Orkut is big in Estonia.
posted by Free word order! at 5:20 PM on November 30, 2007


Best answer: Have you seen The World Map of Social Networks? It's not entirely comprehensive, but it has some major ones that you've missed. The comments are also enlightening.
posted by anaelith at 7:14 PM on November 30, 2007


Best answer: I haven't used it myself, but I keep seeing kids on something called hi5 at internet cafes here in India.
posted by Hollow at 1:38 AM on December 1, 2007


Best answer: Facebook is growing very fast in France. I don't have numbers or anything, i'm not even in France anymore, but almost all my french friends had facebook's accounts when i signed up last month.
I think Facebook is growing fast there because it's not as teenager oriented as myspace. Well, it doesn't look like it.
A lot of 30 something who would'nt have been caught dead with a myspace account are going to open a facebook account in a "my generation's myspace" kinda way.
posted by SageLeVoid at 6:32 AM on December 1, 2007


Response by poster: (I'm not sure what metric would suggest grouping Germany, the Czech Republic, Poland, Romania and South Africa together)

It has to do with a division of a company that controls manufacturing in those countries. Ditto for the Netherlands/Finland/Sweden stuff. My geography's fine, it's just my personal note-taking.
posted by lhall at 9:00 AM on December 1, 2007


I don't know if you are now, or will be later, interested in Russia, but here goes. In that country, the biggest purely social networking site is, far and away, odnoklassniki.ru, which is translated as (and is an exact equivalent of) "classmates.com". Even people who barely know to use a computer have a profile on there.
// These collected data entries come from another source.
(* Let $0\le k<n$ and let $U\subset Gr(k,n)$. If $U$ is open, then $\bigcup_{\ell\in U}\ell$ is an open subset of $\mathbb{P}^n_{\mathbb{C}}$; if $U$ is closed, then $\bigcup_{\ell\in U}\ell$ is a closed subset of $\mathbb{P}^n_{\mathbb{C}}$.
   Context: $Gr(k,n)$ is the Grassmannian of $k$-dimensional projective subspaces of $\mathbb{P}^n_{\mathbb{C}}$, topologized by the Hausdorff metric on closed subsets of $\mathbb{P}^n_{\mathbb{C}}$ induced by the Fubini–Study metric (equivalently via the Plücker embedding into $\mathbb{P}(\bigwedge^{k+1}\mathbb{C}^{n+1})$). *)

From HB Require Import structures.
From mathcomp Require Import all_boot all_order all_algebra.
From mathcomp Require Import all_classical all_reals all_analysis.
From mathcomp Require Import complex.
Set Implicit Arguments. Unset Strict Implicit. Unset Printing Implicit Defensive.
Import Order.TTheory GRing.Theory Num.Theory.
Local Open Scope ring_scope.
Local Open Scope classical_set_scope.

(* Vectors of C^(n+1) are row vectors 'rV[R[i]]_n.+1; a point of P^n is
   represented by any nonzero vector of the corresponding line. *)

Definition hprod (R : realType) (m : nat) (u v : 'rV[R[i]]_m) : R[i] :=
  \sum_(j < m) u ord0 j * complex.conjc (v ord0 j).

Definition vnorm (R : realType) (m : nat) (u : 'rV[R[i]]_m) : R :=
  Num.sqrt (complex.ComplexField.Normc.normc (hprod u u)).

Definition dFS (R : realType) (m : nat) (u v : 'rV[R[i]]_m) : R :=
  acos (complex.ComplexField.Normc.normc (hprod u v) / (vnorm u * vnorm v)).

(* Subsets of P^n are represented by sets of nonzero vectors that are
   invariant under nonzero scalings (cones without 0). *)
Definition PSubset (R : realType) (m : nat) (A : set 'rV[R[i]]_m) : Prop :=
  (forall v, A v -> v != 0) /\ (forall v c, A v -> c != 0 -> A (c *: v)).

Definition PS_open (R : realType) (m : nat) (A : set 'rV[R[i]]_m) : Prop :=
  forall v, A v -> exists2 e : R, 0 < e &
    forall w, w != 0 -> dFS v w < e -> A w.

Definition PS_closed (R : realType) (m : nat) (A : set 'rV[R[i]]_m) : Prop :=
  PS_open [set w | w != 0 /\ ~ A w].

(* Gr(k,n): projective k-planes of P^n = (k+1)-dim linear subspaces of C^(n+1). *)
Definition isGr (R : realType) (k n : nat) (L : {vspace 'rV[R[i]]_n.+1}) : Prop :=
  \dim L = k.+1.
Arguments isGr : clear implicits.

Definition dist_pt (R : realType) (m : nat) (x : 'rV[R[i]]_m)
  (L : {vspace 'rV[R[i]]_m}) : R :=
  inf [set dFS x y | y in [set y | (y \in L) /\ y != 0]].

Definition dHaus (R : realType) (m : nat) (L M : {vspace 'rV[R[i]]_m}) : R :=
  Num.max (sup [set dist_pt x M | x in [set x | (x \in L) /\ x != 0]])
          (sup [set dist_pt y L | y in [set y | (y \in M) /\ y != 0]]).

Definition Gr_open (R : realType) (k n : nat)
  (U : set {vspace 'rV[R[i]]_n.+1}) : Prop :=
  forall L, U L -> exists2 e : R, 0 < e &
    forall M, isGr R k n M -> dHaus L M < e -> U M.
Arguments Gr_open : clear implicits.

Definition Gr_closed (R : realType) (k n : nat)
  (U : set {vspace 'rV[R[i]]_n.+1}) : Prop :=
  Gr_open R k n [set M | isGr R k n M /\ ~ U M].
Arguments Gr_closed : clear implicits.

Definition Gr_union (R : realType) (n : nat)
  (U : set {vspace 'rV[R[i]]_n.+1}) : set 'rV[R[i]]_n.+1 :=
  [set v | v != 0 /\ exists2 L, U L & v \in L].

(* Openness: for [w] close to a point [v] of [L], the linear map
   [x |-> x + <x, u> (w' - u)], where [u] is the unit vector along [v] and [w'] the
   unit vector along [w] with the phase making [<w', u>] real and positive, moves
   every vector of an orthonormal frame of [L] by at most [|w' - u|], which is small;
   its image [M] contains [w], and spans of uniformly close frames are close in the
   Hausdorff distance, so [M] lies in [U].
   Closedness: fix [w] outside the union. Frames of [k+1] vectors live in a compact
   cube of real coordinates, and every frame [f0] has a neighbourhood on which the
   spans in [U] of orthonormal frames stay at distance bounded below from [[w]]:
   either [f0] is not orthonormal, and neither are nearby frames; or its span is not
   in [U], and neither are the spans of nearby frames since [U] is closed; or [w] is
   not in its span, and then Bessel's inequality for [w] is strict, uniformly so
   nearby. Compactness turns these local bounds into a uniform one. *)

From HB Require Import structures.
From mathcomp Require Import all_boot all_order all_algebra.
From mathcomp Require Import all_classical all_reals all_analysis.
From mathcomp Require Import complex.
From mathcomp Require Import lra ring.

Set Implicit Arguments. Unset Strict Implicit. Unset Printing Implicit Defensive.
Import Order.TTheory GRing.Theory Num.Theory.
Local Open Scope ring_scope.
Local Open Scope complex_scope.

Local Notation normc := ComplexField.Normc.normc.

Section ComplexModulus.
Variable R : realType.
Implicit Types (z w : R[i]) (r : R).

Lemma normc_ge0 z : 0 <= normc z.
Proof. by case: z => a b; rewrite /= sqrtr_ge0. Qed.

Lemma normc_conj z : normc (conjc z) = normc z.
Proof. by case: z => a b /=; rewrite sqrrN. Qed.

Lemma normc_real r : normc (r%:C) = `|r|.
Proof. by rewrite /= expr0n /= addr0 sqrtr_sqr. Qed.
There is also vkontakte.ru (translated as "in touch"), that is more-or-less a Russian facebook clone, but one that is still only open to university students and alumni. There is some aspect of geographical rivalry between the two, as it often happens in Russia - odnoklassniki is a lot more of a "Moscow thing", while vkontakte is a St. Petersburg institution. But most savvy people will have an account on both.

Additionally, a lot of Russians have blogs on (and thus social network through) livejournal.com. It's one of those weird situations where a product developed in country X gains an immense following in country Y for no discernible reason. Same story as the crowds of Brazilians all using orkut.com.